Below are several records. Retype exactly those lines running from the one with "by apply: contra neab => /eqP/(linj" through the one with "Lemma sortable_nc_sortable a", end lines included, and no others.

Collected data:
☆ ☆ ☆ ☆ ☆ ☆ ☆
Lemma rendsP d k : reflect (exists2 a, a \in d & aright a = k) (rends d k).
Proof. by apply: (iffP exists_inP) => -[a da /eqP]; exists a. Qed.

Lemma lends_setU1 a d k : lends (a |: d) k = (aleft a == k) || lends d k.
Proof.
apply/lendsP/orP => [[b]|[/eqP <-|/lendsP[b db <-]]].
- by rewrite in_setU1 => /orP[/eqP-> | db] <-; [left | right; apply/lendsP; exists b].
- by exists a; rewrite ?setU11.
- by exists b; rewrite // in_setU1 db orbT.
Qed.

Lemma rends_setU1 a d k : rends (a |: d) k = (aright a == k) || rends d k.
Proof.
apply/rendsP/orP => [[b]|[/eqP <-|/rendsP[b db <-]]].
- by rewrite in_setU1 => /orP[/eqP-> | db] <-; [left | right; apply/rendsP; exists b].
- by exists a; rewrite ?setU11.
- by exists b; rewrite // in_setU1 db orbT.
Qed.

Lemma sortable_ncP d :
  reflect [/\ {in d, forall a, sortable a}, {in d &, injective (@aleft n)},
              {in d &, injective (@aright n)} &
              {in d &, forall a b, ~~ sarc_cross (aleft a) (aright a) (aleft b) (aright b)}]
          (sortable_nc d).
Proof.
apply: (iffP andP) => [[/andP[_ /forall_inP pairs] /forall_inP srt] | [srt linj rinj ncr]].
  have pairP a b : a \in d -> b \in d -> a != b ->
      [&& aleft a != aleft b, aright a != aright b & ~~ crossing a b].
    by move=> da db; have /forall_inP/(_ b db)/implyP := pairs a da.
  split=> // [a b da db | a b da db | a b da db].
  - by apply: contra_eq => /(pairP a b da db)/and3P[].
  - by apply: contra_eq => /(pairP a b da db)/and3P[].
  - have [-> | neab] := eqVneq a b; first exact: sarc_cross_irrefl.
    by have /and3P[_ _] := pairP a b da db neab; rewrite crossingE ?srt.
split; last exact/forall_inP.
apply/andP; split; first by apply/forall_inP => a /srt/andP[].
apply/forall_inP => a da; apply/forall_inP => b db; apply/implyP => neab.
rewrite crossingE ?srt ?ncr ?andbT //; apply/andP; split.
  by apply: contra neab => /eqP/(linj a b da db)->.
by apply: contra neab => /eqP/(rinj a b da db)->.
Qed.

Section SortableDiagram.
Variable d : {set arcT n}.
Hypothesis sncd : sortable_nc d.

Lemma sortable_nc_sortable a : a \in d -> sortable a.
Proof. by case/sortable_ncP: sncd => srt _ _ _; apply: srt. Qed.

Lemma sortable_nc_left_inj : {in d &, injective (@aleft n)}.
Proof. by case/sortable_ncP: sncd. Qed.

Lemma sortable_nc_right_inj : {in d &, injective (@aright n)}.
Proof. by case/sortable_ncP: sncd. Qed.

Lemma sortable_nc_nocross a b : a \in d -> b \in d ->
  ~~ sarc_cross (aleft a) (aright a) (aleft b) (aright b).
Proof. by case/sortable_ncP: sncd => _ _ _; apply. Qed.

Lemma lends_range k : lends d k -> 0 < k <= n.
Proof.
by case/lendsP=> a /sortable_nc_sortable/sortable_ends[? ? ?] <-; apply/andP; split=> //; lia.
Qed.

Lemma rends_range k : rends d k -> 1 < k <= n.+1.
Proof.
by case/rendsP=> a /sortable_nc_sortable/sortable_ends[? ? ?] <-; apply/andP; split=> //; lia.
Qed.

Lemma count_lends k : count (lends d) (iota 0 k) = #|[set a in d | aleft a < k]|.
Proof. exact/count_iota_image/sortable_nc_left_inj. Qed.

Lemma count_rends k : count (rends d) (iota 0 k) = #|[set a in d | aright a < k]|.
Proof. exact/count_iota_image/sortable_nc_right_inj. Qed.

Lemma count_ends_all : count (rends d) (iota 0 n.+2) = count (lends d) (iota 0 n.+2).
Proof.
rewrite count_lends count_rends; apply: eq_card => a.
by rewrite !inE !ltn_ord !andbT.
Qed.

Lemma rends_lends_subset k : [set a in d | aright a < k.+1] \subset [set a in d | aleft a < k].
Proof.
apply/subsetP => a; rewrite !inE => /andP[da ltr]; rewrite da.
by have [_ ltlr _] := sortable_ends (sortable_nc_sortable da); lia.
Qed.

Lemma ballot_ends : ballot (lends d) (rends d).
Proof. by move=> k; rewrite count_lends count_rends subset_leq_card ?rends_lends_subset. Qed.

Lemma count_rends_ltE k :
  (count (rends d) (iota 0 k.+1) < count (lends d) (iota 0 k)) =
  [exists a in d, aleft a < k < aright a].
Proof.
rewrite count_lends count_rends (ltn_leqif (subset_leqif_card (rends_lends_subset k))).
apply/subsetPn/exists_inP => [[a] | [a da /andP[ltl ltr]]].
  by rewrite !inE => /andP[da ltl] /nandP[/negP // | ]; exists a => //; lia.
by exists a; rewrite !inE da //=; lia.
Qed.

End SortableDiagram.

Lemma sortable_nc_subset d d' : d' \subset d -> sortable_nc d -> sortable_nc d'.
Proof.
move=> /subsetP sub /sortable_ncP[srt linj rinj ncr]; apply/sortable_ncP.
by split; [move=> a /sub/srt | exact: sub_in2 linj | exact: sub_in2 rinj | exact: sub_in2 ncr].
Qed.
☆ ☆ ☆ ☆ ☆ ☆ ☆
Task solution:
  by apply: contra neab => /eqP/(linj a b da db)->.
by apply: contra neab => /eqP/(rinj a b da db)->.
Qed.

Section SortableDiagram.
Variable d : {set arcT n}.
Hypothesis sncd : sortable_nc d.

Lemma sortable_nc_sortable a : a \in d -> sortable a.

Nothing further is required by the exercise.